Model Predictive Control: Aircraft ModelΒΆ
RMM, 13 Feb 2021
This example replicates the MPT3 regulation problem example.
[2]:
import control as ct
import numpy as np
import control.optimal as obc
import matplotlib.pyplot as plt
[3]:
# model of an aircraft discretized with 0.2s sampling time
# Source: https://www.mpt3.org/UI/RegulationProblem
A = [[0.99, 0.01, 0.18, -0.09, 0],
[ 0, 0.94, 0, 0.29, 0],
[ 0, 0.14, 0.81, -0.9, 0],
[ 0, -0.2, 0, 0.95, 0],
[ 0, 0.09, 0, 0, 0.9]]
B = [[ 0.01, -0.02],
[-0.14, 0],
[ 0.05, -0.2],
[ 0.02, 0],
[-0.01, 0]]
C = [[0, 1, 0, 0, -1],
[0, 0, 1, 0, 0],
[0, 0, 0, 1, 0],
[1, 0, 0, 0, 0]]
model = ct.ss2io(ct.ss(A, B, C, 0, 0.2))
# For the simulation we need the full state output
sys = ct.ss2io(ct.ss(A, B, np.eye(5), 0, 0.2))
# compute the steady state values for a particular value of the input
ud = np.array([0.8, -0.3])
xd = np.linalg.inv(np.eye(5) - A) @ B @ ud
yd = C @ xd
[4]:
# computed values will be used as references for the desired
# steady state which can be added using "reference" filter
# model.u.with('reference');
# model.u.reference = us;
# model.y.with('reference');
# model.y.reference = ys;
# provide constraints on the system signals
constraints = [obc.input_range_constraint(sys, [-5, -6], [5, 6])]

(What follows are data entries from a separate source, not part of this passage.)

(** feedback input distribution: pol i as bs a = P(A_i = a | A^{i-1} = as, B^{i-1} = bs)
    (the initial state b_{-1} is fixed and known; the policy may be chosen for it) *)
Definition policy := nat -> list bool -> list bool -> bool -> R.

Definition valid_policy (pol : policy) : Prop :=
  forall i as_ bs, (forall a, 0 <= pol i as_ bs a) /\ pol i as_ bs true + pol i as_ bs false = 1.

(** state B_{j-1} given the output history bs, with B_{-1} = bm1 *)
Definition prev_state (bm1 : bool) (j : nat) (bs : list bool) : bool :=
  match j with O => bm1 | S j' => nth j' bs false end.

(** joint probability P(A^{m-1} = as, B^{m-1} = bs | B_{-1} = bm1) *)
Fixpoint joint (al be : R) (pol : policy) (bm1 : bool) (m : nat)
    (as_ bs : list bool) : R :=
  match m with
  | O => 1
  | S j => joint al be pol bm1 j as_ bs *
           (pol j (firstn j as_) (firstn j bs) (nth j as_ false) *
            bssc al be (nth j bs false) (nth j as_ false) (prev_state bm1 j bs))
  end.

(** conditional mutual information I(A^i ; B_i | B^{i-1}) (given B_{-1} = bm1) *)
Definition cmi (al be : R) (pol : policy) (bm1 : bool) (i : nat) : R :=
  let m := S i in
  sumL (fun as_ => sumL (fun bs =>
    let pab := joint al be pol bm1 m as_ bs in
    let pbprev := sumL (fun as' => joint al be pol bm1 i as' (firstn i bs)) (bseqs i) in
    let pabprev := sumL (fun b => joint al be pol bm1 m as_ (firstn i bs ++ [b])) [false; true] in
    let pb := sumL (fun as' => joint al be pol bm1 m as' bs) (bseqs m) in
    if Req_EM_T pab 0 then 0
    else pab * log2 (pab * pbprev / (pabprev * pb))) (bseqs m)) (bseqs m).

Definition dirinfo (al be : R) (pol : policy) (bm1 : bool) (n : nat) : R :=
  sum_f_R0 (fun i => cmi al be pol bm1 i) n.

(** set of achievable values; C^{FB}_{A^n -> B^n} is its supremum *)
Definition DI_set (al be : R) (bm1 : bool) (n : nat) (x : R) : Prop :=
  exists pol, valid_policy pol /\ x = dirinfo al be pol bm1 n.

Definition pout (al be : R) (pol : policy) (bm1 : bool) (m : nat) (bs : list bool) : R :=
  sumL (fun as' => joint al be pol bm1 m as' bs) (bseqs m).

(** I(A_0 ; B_0 | B_{-1} = bm1) for input distribution q = pi(.|bm1) *)
Definition mi0 (al be : R) (bm1 : bool) (q : bool -> R) : R :=
  sumL (fun a => sumL (fun b =>
    let pab := q a * bssc al be b a bm1 in
    let pb := sumL (fun a' => q a' * bssc al be b a' bm1) [false; true] in
    if Req_EM_T pab 0 then 0 else pab * log2 (pab / (q a * pb))) [false; true]) [false; true].

Definition valid_dist (q : bool -> R) : Prop :=
  (forall a, 0 <= q a) /\ q true + q false = 1.

Definition mu_p (al be : R) : R := (Hb be - Hb al) / (1 - al - be).
Definition lambda_p (al be : R) : R := 1 / (1 + Rpower 2 (mu_p al be)).
Definition nu_p (al be : R) : R :=
  (1 - (1 - be) * (1 + Rpower 2 (mu_p al be))) /
  ((al + be - 1) * (1 + Rpower 2 (mu_p al be))).

Definition piTI (al be : R) (bm1 : bool) : policy :=
  fun i _ bs a => if Bool.eqb a (prev_state bm1 i bs) then nu_p al be else 1 - nu_p al be.

Definition PTI (al be : R) (b' b : bool) : R :=
  if Bool.eqb b' b then lambda_p al be else 1 - lambda_p al be.

Definition cap_value (al be : R) : R :=
  Hb (lambda_p al be) - nu_p al be * Hb al - (1 - nu_p al be) * Hb be.

From Stdlib Require Import Reals List Lra Lia.
Import ListNotations.
Open Scope R_scope.

(* For any feedback policy, I(A^i; B_i | B^{i-1}) equals
     sum P(a^i, b^{i-1}) D(P(. | a_i, b_{i-1}) || P^TI(. | b_{i-1}))
     - E D(P(B_i | B^{i-1}) || P^TI(. | B_{i-1})).
   The parameters mu, lambda, nu are exactly those for which both rows of the channel,
   (alpha, 1 - alpha) and (1 - beta, beta), lie at the same divergence
   C = H(lambda) - nu H(alpha) - (1 - nu) H(beta) from (lambda, 1 - lambda).  Hence the first term
   is C whatever the policy, while the second is <= 0 by Gibbs' inequality and vanishes when the
   output transition is P^TI, which is what pi^TI produces.  So every summand of the directed
   information is at most C with equality for pi^TI, and the single-letter problem is the case
   i = 0.  That nu is a probability also comes from the equal divergences: the divergence from
   lambda grows strictly away from lambda, so lambda = nu alpha + (1 - nu)(1 - beta) must lie
   between alpha and 1 - beta. *)

Section ListSums.
Context {T : Type}.
Implicit Types (f g : T -> R) (l : list T).

Lemma sumL_plus f g l : sumL (fun x => f x + g x) l = sumL f l + sumL g l.
Proof. induction l as [|x l IH]; simpl; [ring | rewrite IH; ring]. Qed.

Lemma sumL_scal (c : R) f l : sumL (fun x => c * f x) l = c * sumL f l.
Proof. induction l as [|x l IH]; simpl; [ring | rewrite IH; ring]. Qed.

Lemma sumL_ext_in f g l : (forall x, In x l -> f x = g x) -> sumL f l = sumL g l.
Proof.
  induction l as [|x l IH]; simpl; intros H; [reflexivity|].
  rewrite H, IH; auto.
Qed.

Lemma sumL_le_in f g l : (forall x, In x l -> f x <= g x) -> sumL f l <= sumL g l.
Proof.
  induction l as [|x l IH]; simpl; intros H; [lra|].
  pose proof (H x (or_introl eq_refl)); pose proof (IH (fun y Hy => H y (or_intror Hy))); lra.
Qed.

# provide penalties on the system signals
Q = model.C.transpose() @ np.diag([10, 10, 10, 10]) @ model.C
R = np.diag([3, 2])
cost = obc.quadratic_cost(model, Q, R, x0=xd, u0=ud)
# online MPC controller object is constructed with a horizon 6
ctrl = obc.create_mpc_iosystem(model, np.arange(0, 6) * 0.2, cost, constraints)
[7]:
# Define an I/O system implementing model predictive control
loop = ct.feedback(sys, ctrl, 1)
print(loop)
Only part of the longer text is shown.